==== DATA SHOWN
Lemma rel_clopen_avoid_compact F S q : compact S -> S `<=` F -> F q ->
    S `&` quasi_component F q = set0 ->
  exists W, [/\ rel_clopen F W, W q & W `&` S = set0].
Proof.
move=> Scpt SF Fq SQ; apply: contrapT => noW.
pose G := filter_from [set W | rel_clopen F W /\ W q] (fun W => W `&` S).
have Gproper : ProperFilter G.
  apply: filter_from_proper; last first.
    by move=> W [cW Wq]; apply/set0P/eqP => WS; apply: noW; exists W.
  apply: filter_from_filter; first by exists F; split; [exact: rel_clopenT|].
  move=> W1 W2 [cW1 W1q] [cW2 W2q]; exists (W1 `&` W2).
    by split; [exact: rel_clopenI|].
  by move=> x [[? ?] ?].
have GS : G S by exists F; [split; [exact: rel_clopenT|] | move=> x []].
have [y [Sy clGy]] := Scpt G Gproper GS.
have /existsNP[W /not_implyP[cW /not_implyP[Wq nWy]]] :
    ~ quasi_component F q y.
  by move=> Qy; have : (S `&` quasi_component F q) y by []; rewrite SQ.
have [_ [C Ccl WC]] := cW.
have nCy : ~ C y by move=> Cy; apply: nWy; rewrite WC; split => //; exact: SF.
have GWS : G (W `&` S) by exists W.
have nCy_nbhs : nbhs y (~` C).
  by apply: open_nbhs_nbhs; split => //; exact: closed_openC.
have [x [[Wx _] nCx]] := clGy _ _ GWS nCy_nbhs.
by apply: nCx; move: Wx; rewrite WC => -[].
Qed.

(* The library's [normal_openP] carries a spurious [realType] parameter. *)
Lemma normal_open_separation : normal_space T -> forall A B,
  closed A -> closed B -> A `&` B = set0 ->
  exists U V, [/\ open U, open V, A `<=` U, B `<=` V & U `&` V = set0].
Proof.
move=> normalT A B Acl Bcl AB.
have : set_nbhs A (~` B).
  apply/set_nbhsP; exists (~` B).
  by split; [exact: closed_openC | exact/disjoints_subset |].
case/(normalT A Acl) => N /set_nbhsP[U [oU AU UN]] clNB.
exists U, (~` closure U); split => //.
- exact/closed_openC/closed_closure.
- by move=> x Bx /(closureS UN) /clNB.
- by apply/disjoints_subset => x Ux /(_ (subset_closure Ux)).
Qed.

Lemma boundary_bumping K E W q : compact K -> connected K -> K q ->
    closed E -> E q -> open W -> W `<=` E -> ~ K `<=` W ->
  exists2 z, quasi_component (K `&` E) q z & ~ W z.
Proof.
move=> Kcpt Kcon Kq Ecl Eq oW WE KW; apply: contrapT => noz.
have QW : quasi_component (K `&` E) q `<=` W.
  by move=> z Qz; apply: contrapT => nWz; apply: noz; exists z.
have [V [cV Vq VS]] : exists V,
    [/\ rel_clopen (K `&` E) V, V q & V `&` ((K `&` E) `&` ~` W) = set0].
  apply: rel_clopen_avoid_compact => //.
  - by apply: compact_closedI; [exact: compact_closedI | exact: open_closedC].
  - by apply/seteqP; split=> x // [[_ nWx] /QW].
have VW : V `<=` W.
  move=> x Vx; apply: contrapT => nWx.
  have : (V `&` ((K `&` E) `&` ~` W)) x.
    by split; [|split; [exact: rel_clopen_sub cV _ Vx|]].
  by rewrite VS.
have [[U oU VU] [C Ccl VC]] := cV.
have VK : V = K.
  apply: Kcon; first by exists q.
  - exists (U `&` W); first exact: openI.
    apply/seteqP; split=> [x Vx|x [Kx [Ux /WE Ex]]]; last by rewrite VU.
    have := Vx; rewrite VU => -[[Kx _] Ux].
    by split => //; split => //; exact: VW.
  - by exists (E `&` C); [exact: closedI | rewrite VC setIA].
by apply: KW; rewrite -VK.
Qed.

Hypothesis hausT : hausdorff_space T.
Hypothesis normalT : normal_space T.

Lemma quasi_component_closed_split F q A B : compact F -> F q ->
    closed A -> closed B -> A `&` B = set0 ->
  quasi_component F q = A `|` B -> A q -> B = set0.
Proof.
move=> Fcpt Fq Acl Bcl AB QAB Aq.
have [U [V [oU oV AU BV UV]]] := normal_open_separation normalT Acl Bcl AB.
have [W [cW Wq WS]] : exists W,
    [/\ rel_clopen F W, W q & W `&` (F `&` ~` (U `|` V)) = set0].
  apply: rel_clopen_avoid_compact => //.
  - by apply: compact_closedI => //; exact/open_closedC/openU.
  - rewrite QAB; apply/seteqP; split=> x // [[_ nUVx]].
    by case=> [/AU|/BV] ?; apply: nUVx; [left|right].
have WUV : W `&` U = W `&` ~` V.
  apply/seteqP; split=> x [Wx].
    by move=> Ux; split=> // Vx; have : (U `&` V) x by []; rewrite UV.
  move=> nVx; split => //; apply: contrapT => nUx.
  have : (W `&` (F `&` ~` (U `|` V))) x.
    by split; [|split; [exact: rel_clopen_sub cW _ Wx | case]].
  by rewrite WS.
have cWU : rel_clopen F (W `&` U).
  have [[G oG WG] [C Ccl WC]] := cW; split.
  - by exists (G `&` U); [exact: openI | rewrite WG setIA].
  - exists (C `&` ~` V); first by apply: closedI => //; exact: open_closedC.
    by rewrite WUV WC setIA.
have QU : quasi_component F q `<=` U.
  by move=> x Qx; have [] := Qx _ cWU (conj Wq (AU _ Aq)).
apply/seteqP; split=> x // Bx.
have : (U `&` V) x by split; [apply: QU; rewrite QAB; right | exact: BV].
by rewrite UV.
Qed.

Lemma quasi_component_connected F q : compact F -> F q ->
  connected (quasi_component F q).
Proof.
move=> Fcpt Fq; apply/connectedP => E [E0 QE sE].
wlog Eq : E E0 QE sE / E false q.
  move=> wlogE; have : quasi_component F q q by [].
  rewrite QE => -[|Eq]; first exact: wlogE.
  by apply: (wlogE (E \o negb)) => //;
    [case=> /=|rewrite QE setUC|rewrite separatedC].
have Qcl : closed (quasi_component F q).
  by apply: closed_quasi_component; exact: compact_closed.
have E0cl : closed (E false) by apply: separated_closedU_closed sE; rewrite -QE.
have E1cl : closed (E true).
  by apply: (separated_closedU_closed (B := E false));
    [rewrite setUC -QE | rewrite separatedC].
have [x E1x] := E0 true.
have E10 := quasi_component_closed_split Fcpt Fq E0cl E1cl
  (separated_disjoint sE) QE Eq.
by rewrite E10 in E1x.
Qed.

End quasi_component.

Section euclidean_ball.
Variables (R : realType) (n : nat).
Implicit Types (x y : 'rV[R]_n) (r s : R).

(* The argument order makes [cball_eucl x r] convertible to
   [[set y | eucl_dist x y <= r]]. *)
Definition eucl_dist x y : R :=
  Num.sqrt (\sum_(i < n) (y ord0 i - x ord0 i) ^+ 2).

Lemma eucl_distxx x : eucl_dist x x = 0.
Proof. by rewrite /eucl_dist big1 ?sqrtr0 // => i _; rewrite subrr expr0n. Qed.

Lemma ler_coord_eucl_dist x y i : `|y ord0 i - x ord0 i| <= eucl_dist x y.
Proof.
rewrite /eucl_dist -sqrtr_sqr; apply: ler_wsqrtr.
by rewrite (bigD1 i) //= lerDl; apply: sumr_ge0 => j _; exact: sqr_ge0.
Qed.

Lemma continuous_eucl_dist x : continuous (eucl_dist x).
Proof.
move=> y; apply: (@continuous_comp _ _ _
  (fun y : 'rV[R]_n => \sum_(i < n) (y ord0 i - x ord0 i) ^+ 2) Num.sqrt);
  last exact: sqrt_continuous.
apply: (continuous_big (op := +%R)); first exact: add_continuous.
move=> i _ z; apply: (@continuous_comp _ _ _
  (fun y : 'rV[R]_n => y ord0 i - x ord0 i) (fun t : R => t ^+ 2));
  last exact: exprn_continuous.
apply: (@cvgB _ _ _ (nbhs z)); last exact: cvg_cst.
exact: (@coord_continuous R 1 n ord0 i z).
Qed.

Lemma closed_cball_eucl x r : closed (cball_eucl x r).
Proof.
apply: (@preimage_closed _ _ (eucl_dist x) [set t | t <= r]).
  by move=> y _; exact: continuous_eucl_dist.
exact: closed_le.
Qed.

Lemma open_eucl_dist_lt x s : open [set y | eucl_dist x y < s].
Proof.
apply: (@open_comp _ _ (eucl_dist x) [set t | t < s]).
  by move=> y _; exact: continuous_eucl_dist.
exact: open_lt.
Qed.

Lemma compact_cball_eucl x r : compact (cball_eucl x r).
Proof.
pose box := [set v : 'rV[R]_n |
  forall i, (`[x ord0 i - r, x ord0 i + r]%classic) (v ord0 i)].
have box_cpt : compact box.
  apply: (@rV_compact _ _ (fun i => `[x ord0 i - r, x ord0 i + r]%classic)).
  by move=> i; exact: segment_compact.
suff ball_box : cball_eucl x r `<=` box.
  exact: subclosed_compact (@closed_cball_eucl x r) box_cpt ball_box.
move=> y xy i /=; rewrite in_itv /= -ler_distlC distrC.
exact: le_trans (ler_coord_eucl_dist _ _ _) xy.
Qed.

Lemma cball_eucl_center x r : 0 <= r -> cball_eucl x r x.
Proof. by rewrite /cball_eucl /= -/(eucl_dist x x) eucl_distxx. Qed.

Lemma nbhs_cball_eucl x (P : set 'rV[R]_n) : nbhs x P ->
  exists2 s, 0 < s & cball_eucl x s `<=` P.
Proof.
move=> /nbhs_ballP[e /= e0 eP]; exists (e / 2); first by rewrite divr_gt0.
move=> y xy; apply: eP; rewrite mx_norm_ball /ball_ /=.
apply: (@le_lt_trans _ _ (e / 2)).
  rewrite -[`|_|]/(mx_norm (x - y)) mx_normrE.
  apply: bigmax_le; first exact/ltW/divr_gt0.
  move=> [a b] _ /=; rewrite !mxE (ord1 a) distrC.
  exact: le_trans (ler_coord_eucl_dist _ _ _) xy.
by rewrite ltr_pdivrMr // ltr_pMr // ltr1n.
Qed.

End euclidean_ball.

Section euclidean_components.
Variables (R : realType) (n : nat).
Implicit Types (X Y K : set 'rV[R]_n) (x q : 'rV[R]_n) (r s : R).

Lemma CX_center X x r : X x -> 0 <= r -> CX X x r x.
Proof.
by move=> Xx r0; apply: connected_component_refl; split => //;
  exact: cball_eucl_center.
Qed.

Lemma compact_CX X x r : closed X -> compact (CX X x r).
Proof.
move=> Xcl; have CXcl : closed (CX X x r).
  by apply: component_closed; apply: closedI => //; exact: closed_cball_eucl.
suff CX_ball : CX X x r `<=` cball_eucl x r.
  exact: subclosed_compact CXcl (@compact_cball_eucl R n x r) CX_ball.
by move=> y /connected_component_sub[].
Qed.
========
[PROBLEM TO SOLVE]
Could you restate word for word the lines above from the one containing "Lemma open_eucl_dist_lt x" through the one containing "pose box := [set v : 'rV[R]_n |", both included, and nothing else?

[FINISHED TASK]
Lemma open_eucl_dist_lt x s : open [set y | eucl_dist x y < s].
Proof.
apply: (@open_comp _ _ (eucl_dist x) [set t | t < s]).
  by move=> y _; exact: continuous_eucl_dist.
exact: open_lt.
Qed.

Lemma compact_cball_eucl x r : compact (cball_eucl x r).
Proof.
pose box := [set v : 'rV[R]_n |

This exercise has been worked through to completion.